# [Task brief]
May I have the lines from the one containing "have := normalized_branches" to the end of the entries, returned exactly and with nothing else?

*** Opening Available data ***

Section FlipEigenvalueBound.
Variable R : rcfType.
Local Notation C := R[i].
Variables u v : 'I_4 -> C.
Local Notation K11 := (flipdot u u).
Local Notation K12 := (flipdot u v).
Local Notation K22 := (flipdot v v).

(* For the eigenvector [w], [a := w conj(K)] satisfies
   [flipdot (comb a) (comb conj(w)) = |a|^2 = m |w|^2]; Cauchy-Schwarz and
   [sqnorm_comb_le] then give [(m |w|^2)^2 <= g^2 m |w|^4]. *)
Lemma flip_eigvec_le (w0 w1 : C) (m : R) : 0 <= m -> 0 < abs2 w0 + abs2 w1 ->
  w0 * (K11^* * K11 + K12^* * K12) + w1 * (K12^* * K11 + K22^* * K12) = m%:C * w0 ->
  w0 * (K11^* * K12 + K12^* * K22) + w1 * (K12^* * K12 + K22^* * K22) = m%:C * w1 ->
  m <= gram_eig u v ^+ 2.
Proof.
move=> m_ge0 V_gt0 E0 E1; set V := abs2 w0 + abs2 w1 in V_gt0.
pose a0 := w0 * K11^* + w1 * K12^*.
pose a1 := w0 * K12^* + w1 * K22^*.
have /= Q := congr2 (fun x y => w0^* * x + w1^* * y) E0 E1.
have Q_mV : w0^* * (m%:C * w0) + w1^* * (m%:C * w1) = (m * V)%:C.
  by rewrite realcM realcD !abs2E; ring.
have flip_aw : flipdot (comb u v a0 a1) (comb u v w0^* w1^*) = (m * V)%:C.
  by rewrite -Q_mV -Q flipdot_comb /a0 /a1; ring.
have abs2_a : abs2 a0 + abs2 a1 = m * V.
  have a0J : a0^* = w0^* * K11 + w1^* * K12 by rewrite conjD !conjM !conjCK.
  have a1J : a1^* = w0^* * K12 + w1^* * K22 by rewrite conjD !conjM !conjCK.
  apply: complexI; rewrite realcD !abs2E -Q_mV -Q a0J a1J /a0 /a1; ring.
have CS := flipdot_le (comb u v a0 a1) (comb u v w0^* w1^*).
have Qa := sqnorm_comb_le u v a0 a1.
have Qw := sqnorm_comb_le u v w0^* w1^*.
rewrite flip_aw abs2_real in CS; rewrite abs2_a in Qa; rewrite !abs2J -/V in Qw.
have P := le_trans CS (ler_pM (sqnorm_ge0 _) (sqnorm_ge0 _) Qa Qw).
have [->|m_neq0] := eqVneq m 0; first exact: sqr_ge0.
have m_gt0 : 0 < m by rewrite lt_def m_neq0.
rewrite -(ler_pM2r (exprn_gt0 2 V_gt0)) -(ler_pM2l m_gt0).
by move: P; lra.
Qed.

Lemma flip_eig1_le : flip_eig1 u v <= gram_eig u v ^+ 2.
Proof.
have /eigenvalueP [w Hw w_neq0] : eigenvalue (flipsq u v) (flip_eig1 u v)%:C.
  by rewrite eigenvalue_root_char char_poly_flipsq rootM root_XsubC eqxx.
have [E00 E01 E10 E11] := flipsq_entries u v.
have E0 := congr1 (fun x : 'rV_2 => x 0 b0) Hw.
have E1 := congr1 (fun x : 'rV_2 => x 0 b1) Hw.
rewrite /= !mxE !sum2 E00 E10 in E0; rewrite /= !mxE !sum2 E01 E11 in E1.
apply: flip_eigvec_le (flip_eig1_ge0 u v) _ E0 E1.
rewrite lt_def addr_ge0 ?abs2_ge0 // andbT; apply: contra w_neq0.
rewrite paddr_eq0 ?abs2_ge0 // !abs2_eq0 => /andP [/eqP w0 /eqP w1].
apply/eqP/rowP => a; rewrite mxE; case: a => [[|[|//]] ?];
  [rewrite -w0 | rewrite -w1]; congr (w 0 _); exact/val_inj.
Qed.

End FlipEigenvalueBound.

(* With [s := sqrt m1 > 2/3] and [s <= g], [g (1 - g) <= s (1 - s)], so the
   excess is at least [2 s^2 - 4 s (1 - s) = 2 s (3 s - 2) > 0]. *)
Lemma steering_excess_gt0 (R : rcfType) (m1 m2 g : R) :
  0 <= m1 -> 0 <= m2 -> 0 <= g -> m1 <= g ^+ 2 ->
  4 / 9 < Num.max 0 (Num.sqrt m1 - Num.sqrt m2) ^+ 2 ->
  0 < 2 * (m1 + m2) - 4 * (g * (1 - g)).
Proof.
move=> m1_ge0 m2_ge0 g_ge0 s_le.
have s_ge0 := sqrtr_ge0 m1; have t_ge0 := sqrtr_ge0 m2; have s_sq := sqr_sqrtr m1_ge0.
set s := Num.sqrt m1 in s_ge0 s_sq *; set t := Num.sqrt m2 in t_ge0 *.
rewrite -s_sq in s_le * => conc.
have : 2 / 3 < Num.max 0 (s - t).
  rewrite -ltr_sqr ?nnegrE ?le_max ?lexx ?divr_ge0 ?ler0n //.
  by rewrite expr2 mulf_div -!natrM; exact: conc.
rewrite lt_max => /orP [|c_gt]; first lra.
have {}s_le : s <= g by rewrite -ler_sqr ?nnegrE.
have : 0 <= (g - s) * (g + s - 1) by apply: mulr_ge0; lra.
have : 0 < s * (3 * s - 2) by apply: mulr_gt0; lra.
lra.
Qed.

Theorem theorem3 (R : rcfType) (psi : three_qubit_state R) (i j : 'I_3) :
  normalized psi -> i != j ->
  4 / 9 < concurrence (reduced psi i j) ^+ 2 ->
  1 < Sval (reduced psi i j).
Proof.
move=> psi_normalized hij.
rewrite (reduced_branches psi hij) concurrence_rank2 Sval_rank2.
have := normalized_branches hij psi_normalized.
set u := branch psi i j b0; set v := branch psi i j b1 => norm1 conc.
rewrite gram_detE norm1 flip_trE expr1n.
rewrite -[1 : R[i]]/((1 : R)%:C) ltcR.
have := steering_excess_gt0 (flip_eig1_ge0 u v) (flip_eig2_ge0 u v)
  (gram_eig_ge0 u v) (flip_eig1_le u v) conc.
lra.
Qed.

*** Closing Available data ***

# [Answer section]
have := normalized_branches hij psi_normalized.
set u := branch psi i j b0; set v := branch psi i j b1 => norm1 conc.
rewrite gram_detE norm1 flip_trE expr1n.
rewrite -[1 : R[i]]/((1 : R)%:C) ltcR.
have := steering_excess_gt0 (flip_eig1_ge0 u v) (flip_eig2_ge0 u v)
  (gram_eig_ge0 u v) (flip_eig1_le u v) conc.
lra.
Qed.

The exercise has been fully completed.